VOTING AND BOARD OF DIRECTORS RECOMMENDATIONS

     An affirmative vote of a majority of the shares outstanding will be
required to approve the proposed amendment to the Company's Articles of
Incorporation.

     The Board of Directors recommends approval of the proposed amendment to
the Articles of Incorporation.




<PAGE>
                             SHAREHOLDER PROPOSALS

     The Board of Directors has not yet determined the date on which the next
annual meeting of shareholders will be held.  Any proposal by a shareholder
intended to be presented at the Company's next annual meeting of shareholders
must be received at the offices of the Company a reasonable amount of time
prior to the date on which the information or proxy statement for that meeting
are mailed to shareholders in order to be included in the Company's
information or proxy statement relating to that meeting.

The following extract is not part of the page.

(* Assume $d_Y\ge2$. Let $\mathcal T$ be the set of $\mathcal Y$-valued transition matrices on $\mathcal X$, viewed as a convex subset of $\mathbb R^{\mathcal Y\times\mathcal X\times\mathcal X}$ with nonempty interior in its affine hull, equipped with the Lebesgue measure of that affine hull, and let $\Delta_{\mathcal X}$ be the probability simplex on $\mathcal X$ with its Lebesgue measure. Then for almost every $(\vec W,P)\in\mathcal T\times\Delta_{\mathcal X}$ one has $K_{\vec W}=\{0\}$ and $\mathcal V^{k_{(P,\vec W)}}(P)=\mathcal V_{\mathcal X}$. Moreover, for almost every $\vec W\in\mathcal T$ (such $\vec W$ being irreducible almost everywhere) one has $K_{\vec W}=\{0\}$ and $\mathcal V^{k_{(P_{\vec W},\vec W)}}(P_{\vec W})=\mathcal V_{\mathcal X}$.
   Context: Let $\mathcal X=\{1,\dots,d\}$, $\mathcal Y=\{1,\dots,d_Y\}$ be finite sets, $\mathcal V_{\mathcal X}=\mathbb R^{\mathcal X}$ (column vectors; distributions are regarded as vectors in it), $u_{\mathcal X}$ the all-ones vector. A $\mathcal Y$-valued transition matrix on $\mathcal X$ is a family $\vec W=(W_y)_{y\in\mathcal Y}$ of $d\times d$ nonnegative matrices $W_y(x|x')$ ($x$ row, $x'$ column) with $|\vec W|:=\sum_yW_y$ column-stochastic; it is irreducible if $|\vec W|$ is, and then $P_{\vec W}$ is the unique probability vector with $|\vec W|P_{\vec W}=P_{\vec W}$. For $k\ge1$, $P^k[\vec W]:\mathcal V_{\mathcal X}\to\mathbb R^{\mathcal Y^k}$, $(P^k[\vec W]v)(y_k,\dots,y_1)=u_{\mathcal X}^TW_{y_k}\cdots W_{y_1}v$. $k_{\vec W}$ is the least $k_0\ge1$ with $\bigcap_{k\ge1}\operatorname{Ker}P^k[\vec W]=\operatorname{Ker}P^{k_0}[\vec W]$; $K_{\vec W}:=\operatorname{Ker}P^{k_{\vec W}}[\vec W]$; $[v]$ is the class of $v$ in $\mathcal V_{\mathcal X}/K_{\vec W}$. For a distribution $P$ and $k\ge0$, $\mathcal V^k(P)$ is the subspace of $\mathcal V_{\mathcal X}/K_{\vec W}$ spanned by $[W_{y_{k'}}\cdots W_{y_1}P]$, $0\le k'\le k$, $y_i\in\mathcal Y$. $k_{(P,\vec W)}$ is the least $k_1\ge1$ with $\bigcup_{k\ge1}\mathcal V^k(P)=\mathcal V^{k_1}(P)$. (When $K_{\vec W}=\{0\}$ the quotient is identified with $\mathcal V_{\mathcal X}$.) *)

From Stdlib Require Import Reals List Arith Bool.
Import ListNotations.
Open Scope R_scope.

                                OTHER BUSINESS

     As of the date of this Proxy Statement, management of the Company was
not aware of any other matter to be presented at the Meeting other than as set
forth herein.  A majority vote of the shares outstanding is necessary to
approve any such matters.

                                      BY ORDER OF THE BOARD OF DIRECTORS


                                      Gilbert Gertner, Chairman of the Board
Houston, Texas
September 27, 1996

<PAGE>
                           OGDEN MCDONALD & COMPANY

                 SOLICITED ON BEHALF OF THE BOARD OF DIRECTORS

     The undersigned hereby appoints Gilbert Gertner with the power to
appoint his substitute, and hereby authorizes him to represent and to vote as
designated below, all the shares of common stock of Ogden McDonald & Company
held of record by the undersigned on September 27, 1996, at the Special
Meeting of Shareholders to be held on October 11, 1996, or any adjournment
thereof.

     1.   An amendment to the Company's Articles of Incorporation changing
the Company's name to "Worldwide Petromoly, Inc."

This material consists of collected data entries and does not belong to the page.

Lemma rank_upper_mask_mx : (\rank upper_mask_mx <= dimS20 n)%N.
Proof.
rewrite /upper_mask_mx diag_mx_sum_delta -sum_upper_entry.
apply: leq_trans (mxrank_sum_le _ _ _) _.
rewrite (reindex _ (curry_mxvec_bij _ _)) pair_bigA /=.
apply: leq_sum => -[i j] _ /=; rewrite mxvecE mxE.
by case: upper_entry; rewrite ?scale1r ?mxrank_delta // scale0r mxrank0.
Qed.

Variable h : 'I_(dimS20 n) -> 'M[R]_n.
Hypothesis h_sym : forall a, (h a)^T = h a.
Hypothesis h_tr : forall a, \tr (h a) = 0.
Hypothesis h_orth : forall a b, frob (h a) (h b) = (a == b)%:R.

Definition basis_mx : 'M[R]_(dimS20 n, n * n) := \matrix_(a, k) mxvec (h a) 0 k.

Lemma row_basis_mx a : row a basis_mx = mxvec (h a).
Proof. by apply/rowP => k; rewrite !mxE. Qed.

Lemma basis_mx_row_free : row_free basis_mx.
Proof.
have gram : basis_mx *m basis_mx^T = 1%:M.
  apply/matrixP => a b; rewrite !mxE -h_orth frobE.
  rewrite (reindex _ (curry_mxvec_bij _ _)) pair_bigA /=.
  by apply: eq_bigr => -[i j] _; rewrite !mxE !mxvecE.
rewrite /row_free eqn_leq rank_leq_row -{1}(mxrank1 R (dimS20 n)) -gram.
exact: mxrankM_maxl.
Qed.

Lemma sym_traceless_submx psi : psi^T = psi -> \tr psi = 0 ->
  (mxvec psi <= basis_mx)%MS.
Proof.
pose M := upper_mask_mx *m lin_mx sym_of_upper.
have fixM A : A^T = A -> \tr A = 0 -> mxvec A *m M = mxvec A.
  by move=> AT A_tr; rewrite mulmxA mxvec_upper_mask mul_vec_lin /= upper_maskK.
move=> psiT psi_tr; apply: (submx_fixed_low_rank (M := M)) (fixM _ psiT psi_tr).
- exact: basis_mx_row_free.
- exact: leq_trans (mxrankM_maxl _ _) rank_upper_mask_mx.
- by apply/row_matrixP => a; rewrite row_mul row_basis_mx fixM.
Qed.

Lemma sym_traceless_expand psi : psi^T = psi -> \tr psi = 0 ->
  psi = \sum_a frob psi (h a) *: h a.
Proof.
move=> psiT psi_tr; have /submxP[D psiD] := sym_traceless_submx psiT psi_tr.
have psiE : psi = \sum_a D 0 a *: h a.
  apply: (can_inj mxvecK); rewrite psiD mulmx_sum_row linear_sum.
  by apply: eq_bigr => a _; rewrite row_basis_mx linearZ.
have coordE b : frob psi (h b) = D 0 b.
  rewrite {1}psiE frob_suml (eq_bigr (fun a => D 0 a * (a == b)%:R)) ?sum_delta_r //.
  by move=> a _; rewrite frobZl h_orth.
by rewrite {1}psiE; apply: eq_bigr => a _; rewrite coordE.
Qed.

End SymmetricTracelessSpan.

Section CurvatureOperator.
Variables (R : realType) (n : nat) (Rt : tensor4 R n).
Implicit Types A B : 'M[R]_n.

Lemma Rbar_is_linear : linear (Rbar Rt).
Proof.
move=> c A B; apply/matrixP => i j; rewrite !mxE mulr_sumr -big_split /=.
apply: eq_bigr => k _; rewrite mulr_sumr -big_split /=; apply: eq_bigr => l _.
by rewrite !mxE; ring.
Qed.

HB.instance Definition _ := GRing.isLinear.Build R _ _ _ (Rbar Rt) Rbar_is_linear.

Lemma proj0_is_linear : linear (@proj0 R n).
Proof.
move=> c A B; rewrite /proj0 mxtraceD mxtraceZ.
by apply/matrixP => i j; rewrite !mxE; ring.
Qed.

HB.instance Definition _ := GRing.isLinear.Build R _ _ _ (@proj0 R n) proj0_is_linear.

Lemma Rring_is_linear : linear (Rring Rt).
Proof. by move=> c A B; rewrite /Rring !linearP. Qed.

HB.instance Definition _ := GRing.isLinear.Build R _ _ _ (Rring Rt) Rring_is_linear.

Hypothesis n_gt0 : (0 < n)%N.

Lemma proj0_sym A : A^T = A -> (proj0 A)^T = proj0 A.
Proof. by move=> AT; rewrite /proj0 linearB linearZ /= trmx1 AT. Qed.

Lemma proj0_tr A : \tr (proj0 A) = 0.
Proof. by rewrite /proj0 linearB linearZ /= mxtrace1 divfK ?subrr // pnatr_eq0 -lt0n. Qed.

Lemma frob_proj0 A B : \tr B = 0 -> frob (proj0 A) B = frob A B.
Proof. by move=> B_tr; rewrite /proj0 frobBl frobZl frob1l B_tr mulr0 subr0. Qed.

End CurvatureOperator.

Section CurvatureIdentities.
Variables (R : realType) (n : nat) (Rt : tensor4 R n).
Hypothesis Rt_curv : is_alg_curv Rt.
Implicit Types A : 'M[R]_n.

Lemma curv_antisym_l i j k l : Rt i j k l = - Rt j i k l.
Proof. by case: (Rt_curv i j k l). Qed.

Lemma curv_antisym_r i j k l : Rt i j k l = - Rt i j l k.
Proof. by case: (Rt_curv i j k l). Qed.

Lemma curv_pair_sym i j k l : Rt i j k l = Rt k l i j.
Proof. by case: (Rt_curv i j k l). Qed.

            [  ]  FOR        [  ]  AGAINST        [  ]  ABSTAIN

     2.  An amendment to the Company's Articles of Incorporation to limit the
personal liability of the Company's directors to the Company or its
shareholders for monetary damages for certain breaches of their fiduciary
duties.

            [  ]  FOR        [  ]  AGAINST        [  ]  ABSTAIN

     3.  To transact such other business as may properly come before the
Meeting.

     THIS PROXY WHEN PROPERLY EXECUTED WILL BE VOTED IN THE MANNER DIRECTED
HEREIN BY THE UNDERSIGNED SHAREHOLDER.  IF NO DIRECTION IS MADE, THIS PROXY
WILL BE VOTED FOR PROPOSAL NOS. 1 and 2.

     SHARES REPRESENTED BY THIS PROXY WILL BE VOTED AT THE MEETING IN ACCORD-
ANCE WITH THE SHAREHOLDER'S SPECIFICATIONS ABOVE.  THIS PROXY CONFERS DISCRE-
TIONARY AUTHORITY IN RESPECT TO MATTERS NOT KNOWN OR DETERMINED AT THE TIME OF
THE MAILING OF THE NOTICE OF THE SPECIAL MEETING OF SHAREHOLDERS TO THE
UNDERSIGNED.

     The undersigned hereby acknowledges receipt of the Notice of Special
Meeting of Shareholders and Proxy Statement furnished therewith.

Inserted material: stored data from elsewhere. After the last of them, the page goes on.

Lemma gap_not_cousin a b u v : (a <= u)%O -> (v <= b)%O -> (u < v)%O ->
  (forall w, ~ (u < w < v)%O) -> ~ cousin_on a b.
Proof.
move=> au vb uv gap cab.
pose g w := if (w <= u)%O then `]-oo, v[%O else `]u, +oo[%O.
have gg : gauge g.
  move=> w; rewrite /g; case: ifP => wu; split=> //; rewrite in_itv /= ?andbT.
    exact: le_lt_trans wu uv.
  by rewrite ltNge wu.
have [n [x [t [[x0 [xn _]] fx]]]] := cab g gg.
(* the interval crossing the gap contains u and v, while no g w contains both *)
have x0u : (x 0%N <= u)%O by rewrite x0.
have uxn : (u < x n)%O by rewrite xn (lt_le_trans uv vb).
have [i ni /andP[xu ux]] := exists_crossing x0u uxn.
have vx : (v <= x i)%O.
  by rewrite leNgt; apply/negP => xv; apply: (gap (x i)); rewrite ux.
have := fx i ni u xu (ltW ux); have := fx i ni v (ltW (le_lt_trans xu uv)) vx.
by rewrite /g; case: ifP => _; rewrite !in_itv /= ?ltxx ?andbT // => _; rewrite ltxx.
Qed.

End Cousin.

Section RiemannSums.
Context {d : Order.disp_t} {K : orderTopologicalType d} {R : realType}.
Implicit Types (g : K -> interval K) (a b p q s : K) (x y t u : nat -> K)
  (f G : K -> R).

Definition increment_sum f G n x t : R :=
  \sum_(1 <= i < n.+1) f (t i) * (G (x i) - G (x i.-1)).

Lemma riemann_sumE a f G n x t :
  riemann_sum a f G n x t = f a * G a + increment_sum f G n x t.
Proof. by []. Qed.

Lemma increment_sum_nil f G x t : increment_sum f G 0 x t = 0.
Proof. by rewrite /increment_sum big_geq. Qed.

Lemma increment_sum_single f G p q s :
  increment_sum f G 1 (single p q) (fun=> s) = f s * (G q - G p).
Proof. by rewrite /increment_sum big_nat1. Qed.

Lemma increment_sum_cat f G n m x t y u : x n = y 0%N ->
  increment_sum f G (n + m) (concat_at n x y) (concat_at n t u) =
  increment_sum f G n x t + increment_sum f G m y u.
Proof.
move=> xy; rewrite /increment_sum (@big_cat_nat _ _ _ n.+1) //=; last by lia.
congr (_ + _).
  by apply: eq_big_nat => i /andP[_ iN]; rewrite !concat_at_le //; lia.
have -> : ((n + m).+1 = m + n.+1)%N by lia.
rewrite -{1}[n.+1]add0n big_addn addnK big_add1 /=.
apply: eq_big_nat => i _; rewrite concat_at_pred ?concat_at_gt //; try lia.
by have -> : (i + n.+1 - n = i.+1)%N by lia.
Qed.

Lemma fine_partition_chain g f G n x (c : nat -> R) (eta : R) :
  (forall i, (0 < i <= n)%N -> exists m y u,
     [/\ tagged_partition (x i.-1) (x i) m y u, Defs.fine g m y u &
         `|increment_sum f G m y u - c i| <= eta]) ->
  exists m y u,
     [/\ tagged_partition (x 0%N) (x n) m y u, Defs.fine g m y u &
         `|increment_sum f G m y u - \sum_(1 <= i < n.+1) c i| <= n%:R * eta].
Proof.
elim: n => [|n IH] pieces.
  exists 0%N, (fun=> x 0%N), (fun=> x 0%N); split.
  - exact: tagged_partition_nil.
  - exact: fine_nil.
  - by rewrite increment_sum_nil big_geq // subrr normr0 mul0r.
have [|m [y [u [tp fy ey]]]] := IH.
  by move=> i /andP[i0 iN]; apply: pieces; lia.
have [|m' [y' [u' [tp' fy' ey']]]] := pieces n.+1; first by rewrite /= ltnSn.
have yy' : y m = y' 0%N by rewrite tp.2.1 tp'.1.
exists (m + m')%N, (concat_at m y y'), (concat_at m u u'); split.
- exact: tagged_partition_cat tp tp'.
- exact: fine_cat.
- rewrite increment_sum_cat // big_nat_recr //= opprD addrACA -natr1 mulrDl mul1r.
  exact: le_trans (ler_normD _ _) (lerD ey ey').
Qed.

Lemma is_integral_on_cauchy a b f G : cousin_on a b ->
  (forall e : R, 0 < e -> exists g c, gauge g /\ forall n x t,
     tagged_partition a b n x t -> Defs.fine g n x t ->
     `|riemann_sum a f G n x t - c| < e) ->
  integrable_on a b f G.
Proof.
move=> cab cauchy.
pose close g c e := gauge g /\ forall n x t, tagged_partition a b n x t ->
  Defs.fine g n x t -> `|riemann_sum a f G n x t - c| < e.
have close_le g c e g' c' e' : close g c e -> close g' c' e' -> c - e <= c' + e'.
  move=> [gg hg] [gg' hg'].
  have [n [x [t [tp fx]]]] := cab _ (gaugeI gg gg').
  have [f1 f2] := fineI fx.
  move: (hg _ _ _ tp f1) (hg' _ _ _ tp f2); rewrite !ltr_distl.
  by move=> /andP[? ?] /andP[? ?]; lra.
(* every lower estimate c - e is below every upper estimate c' + e', so the
   supremum of the lower estimates is the integral *)
pose V := [set v | exists g c e, close g c e /\ v = c - e].
have [g1 [c1 close1]] := cauchy 1 ltr01.
have V0 : V !=set0 by exists (c1 - 1), g1, c1, 1.
have ubV : has_ubound V.
  by exists (c1 + 1) => _ [g [c [e [ce ->]]]]; exact: close_le ce close1.
exists (sup V) => e e0; have e20 : 0 < e / 2 by rewrite divr_gt0.
have [g [c close_c]] := cauchy _ e20.
exists g; split=> [|n x t tp fx]; first exact: close_c.1.
have supV_le : sup V <= c + e / 2.
  by apply: ge_sup => // _ [g' [c' [e' [ce ->]]]]; exact: close_le ce close_c.
have supV_ge : c - e / 2 <= sup V by apply: ub_le_sup => //; exists g, c, (e / 2).
move: (close_c.2 _ _ _ tp fx); rewrite !ltr_distl => /andP[? ?].
by apply/andP; split; lra.
Qed.

Lemma is_integral_on_not_cousin a b f G A : ~ cousin_on a b ->
  is_integral_on a b f G A.
Proof.
move=> /existsNP [g /not_implyP [gg nofine]] e _; exists g; split=> // n x t tp fx.
by case: nofine; exists n, x, t.
Qed.

Definition riemann_close a b f1 G1 f2 G2 : Prop :=
  forall e : R, 0 < e -> exists g, gauge g /\ forall n x t,
    tagged_partition a b n x t -> Defs.fine g n x t ->
    `|riemann_sum a f1 G1 n x t - riemann_sum a f2 G2 n x t| < e.

Lemma riemann_close_sym a b f1 G1 f2 G2 :
  riemann_close a b f1 G1 f2 G2 -> riemann_close a b f2 G2 f1 G1.
Proof.
move=> close e /close [g [gg hg]]; exists g; split=> // n x t tp fx.
by rewrite distrC; exact: hg.
Qed.

Lemma is_integral_on_close a b f1 G1 f2 G2 A : riemann_close a b f1 G1 f2 G2 ->
  is_integral_on a b f1 G1 A -> is_integral_on a b f2 G2 A.
Proof.
move=> close intA e e0; have e20 : 0 < e / 2 by rewrite divr_gt0.
have [g1 [gg1 h1]] := intA _ e20; have [g2 [gg2 h2]] := close _ e20.
exists (fun w => (g1 w `&` g2 w)%O); split=> [|n x t tp /fineI [f1x f2x]].
  exact: gaugeI.
move: (h1 _ _ _ tp f1x) (h2 _ _ _ tp f2x); rewrite !ltr_distl.
by move=> /andP[? ?] /andP[? ?]; apply/andP; split; lra.
Qed.

Lemma integral_on_ext a b f1 G1 f2 G2 :
  (forall A, is_integral_on a b f1 G1 A <-> is_integral_on a b f2 G2 A) ->
  (integrable_on a b f1 G1 <-> integrable_on a b f2 G2) /\
  integral_on a b f1 G1 = integral_on a b f2 G2.
Proof.
move=> same; split; first by split=> -[A /same]; exists A.
by rewrite /integral_on; congr xget; apply/seteqP; split=> A /same.
Qed.

End RiemannSums.

Section Indefinite.
Context {d : Order.disp_t} {K : orderTopologicalType d} {R : realType}.
Variables (zK oK : K).
Hypotheses (hzK : forall y : K, (zK <= y)%O) (hoK : forall y : K, (y <= oK)%O).
Hypothesis cousin : forall a b : K, (a <= b)%O -> cousin_on a b.
Variables (h T : K -> R).
Hypothesis hint : integrable_on zK oK h T.

Let H x := integral_on zK x h T.

Lemma is_integral_on_prefix b : is_integral_on zK b h T (H b).
Proof.
apply: xgetPex; have [A intA] := hint.
apply: is_integral_on_cauchy (cousin (hzK b)) _ => e e0.
have [g [gg hg]] := intA e e0.
have [m [y [u [tq fq]]]] := cousin (hoK b) gg.
exists g, (A - increment_sum h T m y u); split=> // n x t tp fx.
have xy : x n = y 0%N by rewrite tp.2.1 tq.1.
have := hg _ _ _ (tagged_partition_cat tp tq) (fine_cat xy fx fq).
by rewrite !riemann_sumE increment_sum_cat // opprB !addrA.
Qed.

Lemma integral_on_refl : H zK = h zK * T zK.
Proof.
apply/eqP; rewrite -subr_eq0 -normr_le0; apply/ler_addgt0Pr => e e0.
have [g [gg hg]] := is_integral_on_prefix zK e0.
have fx : Defs.fine g 0 (fun=> zK) (fun=> zK) by exact: fine_nil.
have := hg 0%N _ _ (tagged_partition_nil zK) fx.
by rewrite riemann_sumE increment_sum_nil addr0 add0r distrC => /ltW.
Qed.

Lemma increment_sum_approx p q g eta : (p <= q)%O -> gauge g -> 0 < eta ->
  exists m y u, [/\ tagged_partition p q m y u, Defs.fine g m y u &
    `|increment_sum h T m y u - (H q - H p)| < eta].
Proof.
move=> pq gg eta0; have eta20 : 0 < eta / 2 by rewrite divr_gt0.
have [gp [ggp hp]] := is_integral_on_prefix p eta20.
have [gq [ggq hq]] := is_integral_on_prefix q eta20.
have gg' : gauge (fun w => (g w `&` (gp w `&` gq w))%O).
  by apply: gaugeI => //; exact: gaugeI.
have [n [x [t [tp fx]]]] := cousin (hzK p) gg'.
have [m [y [u [tq fy]]]] := cousin pq gg'.
have xy : x n = y 0%N by rewrite tp.2.1 tq.1.
have /fineI [_ /fineI [_ fcat]] := fine_cat xy fx fy.
have /fineI [_ /fineI [fxp _]] := fx.
have /fineI [fyg _] := fy.
exists m, y, u; split=> //.
move: (hp _ _ _ tp fxp) (hq _ _ _ (tagged_partition_cat tp tq) fcat).
rewrite !riemann_sumE increment_sum_cat // !ltr_distl => /andP[? ?] /andP[? ?].
by apply/andP; split; lra.
Qed.

Definition defect x t i : R :=
  h (t i) * (T (x i) - T (x i.-1)) - (H (x i) - H (x i.-1)).

Lemma saks_henstock e : 0 < e -> exists g, gauge g /\ forall n x t,
  tagged_partition zK oK n x t -> Defs.fine g n x t ->
  forall S : pred nat, `|\sum_(1 <= i < n.+1 | S i) defect x t i| <= e.
Proof.
move=> e0; have e20 : 0 < e / 2 by rewrite divr_gt0.
have [g [gg hg]] := is_integral_on_prefix oK e20.
exists g; split=> // n x t tp fx S; have [x0 [xn hx]] := tp.
have n1 : 0 < n%:R + 1 :> R by rewrite ltr_pwDr // ler0n.
pose eta := e / 2 / (n%:R + 1).
have eta0 : 0 < eta by rewrite divr_gt0.
have n_eta : n%:R * eta <= e / 2.
  have -> : e / 2 = eta * (n%:R + 1) by rewrite divfK // gt_eqF.
  by rewrite mulrC; apply: ler_wpM2l; [exact: ltW | rewrite lerDl].
pose c i := if S i then h (t i) * (T (x i) - T (x i.-1)) else H (x i) - H (x i.-1).
have pieces i : (0 < i <= n)%N -> exists m y u,
    [/\ tagged_partition (x i.-1) (x i) m y u, Defs.fine g m y u &
        `|increment_sum h T m y u - c i| <= eta].
  move=> ni; have [xx [xt tx]] := hx i ni; rewrite /c; case: (S i).
    exists 1%N, (single (x i.-1) (x i)), (fun=> t i); split.
    - exact: tagged_partition_single.
    - by apply: fine_single; exact: fx.
    - by rewrite increment_sum_single subrr normr0 ltW.
  have [m [y [u [? ? /ltW ?]]]] := increment_sum_approx xx gg eta0.
  by exists m, y, u.
have [m [y [u [tq fq close_c]]]] := fine_partition_chain pieces.
rewrite x0 xn in tq.
have tele : \sum_(1 <= i < n.+1) (H (x i) - H (x i.-1)) = H (x n) - H (x 0%N).
  exact: (telescope_sumr_eq (fun k => H (x k.-1))).
have -> : \sum_(1 <= i < n.+1 | S i) defect x t i =
    \sum_(1 <= i < n.+1) c i - (H oK - h zK * T zK).
  rewrite -integral_on_refl -xn -x0 -tele big_mkcond -sumrB.
  by apply: eq_bigr => i _; rewrite /c /defect; case: (S i); rewrite ?subrr.
have := hg _ _ _ tq fq; rewrite riemann_sumE.
move: close_c; rewrite ler_distl ltr_distl ler_norml => /andP[? ?] /andP[? ?].
by apply/andP; split; lra.
Qed.

Lemma saks_henstock_norm e : 0 < e -> exists g, gauge g /\ forall n x t,
  tagged_partition zK oK n x t -> Defs.fine g n x t ->
  \sum_(1 <= i < n.+1) `|defect x t i| <= e.
Proof.
move=> e0; have e20 : 0 < e / 2 by rewrite divr_gt0.
have [g [gg hg]] := saks_henstock e20.
exists g; split=> // n x t tp fx.
rewrite (bigID (fun i => 0 <= defect x t i)) /=.
have -> : \sum_(1 <= i < n.+1 | 0 <= defect x t i) `|defect x t i| =
    \sum_(1 <= i < n.+1 | 0 <= defect x t i) defect x t i.
  by apply: eq_bigr => i /ger0_norm.
have -> : \sum_(1 <= i < n.+1 | ~~ (0 <= defect x t i)) `|defect x t i| =
    - \sum_(1 <= i < n.+1 | ~~ (0 <= defect x t i)) defect x t i.
  by rewrite -sumrN; apply: eq_bigr => i; rewrite -ltNge => /ltr0_norm.
move: (hg _ _ _ tp fx (fun i => 0 <= defect x t i)).
move: (hg _ _ _ tp fx (fun i => ~~ (0 <= defect x t i))).
by rewrite !ler_norml => /andP[? ?] /andP[? ?]; lra.
Qed.

Lemma riemann_sum_diff f n x t :
  riemann_sum zK (fun y => f y * h y) T n x t - riemann_sum zK f H n x t =
  \sum_(1 <= i < n.+1) f (t i) * defect x t i.
Proof.
rewrite !riemann_sumE integral_on_refl mulrA opprD addrACA subrr add0r -sumrB.
by apply: eq_bigr => i _; rewrite /defect [RHS]mulrBr mulrA.
Qed.

Lemma riemann_close_indefinite f M : (forall y, `|f y| <= M) ->
  riemann_close zK oK (fun y => f y * h y) T f H.
Proof.
move=> fM eps eps0; have M0 : 0 <= M := le_trans (normr_ge0 _) (fM zK).
have M1 : 0 < M + 1 by lra.
set e := eps / (M + 1); have e0 : 0 < e by rewrite divr_gt0.
have eM : e * (M + 1) = eps by rewrite divfK // gt_eqF.
have [g [gg hg]] := saks_henstock_norm e0.
exists g; split=> // n x t tp fx; rewrite riemann_sum_diff.
have sum_le : \sum_(1 <= i < n.+1) `|f (t i) * defect x t i| <= M * e.
  apply: le_trans (ler_wpM2l M0 (hg _ _ _ tp fx)); rewrite mulr_sumr.
  by apply: ler_sum => i _; rewrite normrM; apply: ler_wpM2r.
apply: le_lt_trans (ler_norm_sum _ _ _) (le_lt_trans sum_le _).
nra.
Qed.

Lemma is_integral_on_indefinite f M : (forall y, `|f y| <= M) ->
  forall A, is_integral_on zK oK f H A <->
            is_integral_on zK oK (fun y => f y * h y) T A.
Proof.
move=> /riemann_close_indefinite close A.
by split; apply: is_integral_on_close; [exact: riemann_close_sym | exact: close].
Qed.

End Indefinite.

Unset Implicit Arguments. Set Strict Implicit.

Theorem lemma6p8 (R : realType) (d : Order.disp_t) (K : orderTopologicalType d)
  (zK oK : K)
  (hcompact : compact [set: K])
  (hzK : forall y : K, (zK <= y)%O) (hoK : forall y : K, (y <= oK)%O)
  (hzo : (zK < oK)%O)
  (T h f : K -> R)
  (Tmono : forall x y : K, (x <= y)%O -> T x <= T y)
  (Tright : forall x : K,
     (T @ within [set y : K | (x <= y)%O] (nbhs x)) --> T x)
  (hint : integrable_on zK oK h T)
  (fbd : exists M : R, forall x : K, `|f x| <= M) :
  let H := fun x : K => integral_on zK x h T in
  (integrable_on zK oK f H <-> integrable_on zK oK (fun x => f x * h x) T) /\
  (integrable_on zK oK f H ->
     integral_on zK oK f H = integral_on zK oK (fun x => f x * h x) T).
Proof.
move=> H; have [M fM] := fbd.
suff /integral_on_ext [-> ->] : forall A, is_integral_on zK oK f H A <->
    is_integral_on zK oK (fun x => f x * h x) T A by [].
have [dense|] := pselect (forall u v : K, (u < v)%O -> exists w, (u < w < v)%O).
  by have := is_integral_on_indefinite hzK hoK
    (@dense_compact_cousin _ _ hcompact dense) hint fM.
move=> /existsNP [u /existsNP [v /not_implyP [uv /forallNP gap]]] A.
have ncousin := gap_not_cousin (hzK u) (hoK v) uv gap.
by split=> _; exact: is_integral_on_not_cousin.
Qed.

Dated:  _______________, 1996

                                    __________________________________________


                                    __________________________________________
                                    Signature(s) of Shareholders(s)

                                    Signature(s) should agree with the name(s)
                                    appearing hereon.  Executors, administra-
                                    tors, trustees, guardians and attorneys
                                    should indicate when signing.  Attorneys
                                    should submit powers of attorney.

     THIS PROXY IS SOLICITED ON BEHALF OF THE BOARD OF DIRECTORS OF OGDEN
MCDONALD & COMPANY.  PLEASE SIGN AND RETURN THIS PROXY BY PLACING IT IN THE
ENCLOSED PRE-ADDRESSED ENVELOPE.  THE GIVING OF A PROXY WILL NOT AFFECT YOUR
RIGHT TO VOTE IN PERSON IF YOU ATTEND THE MEETING.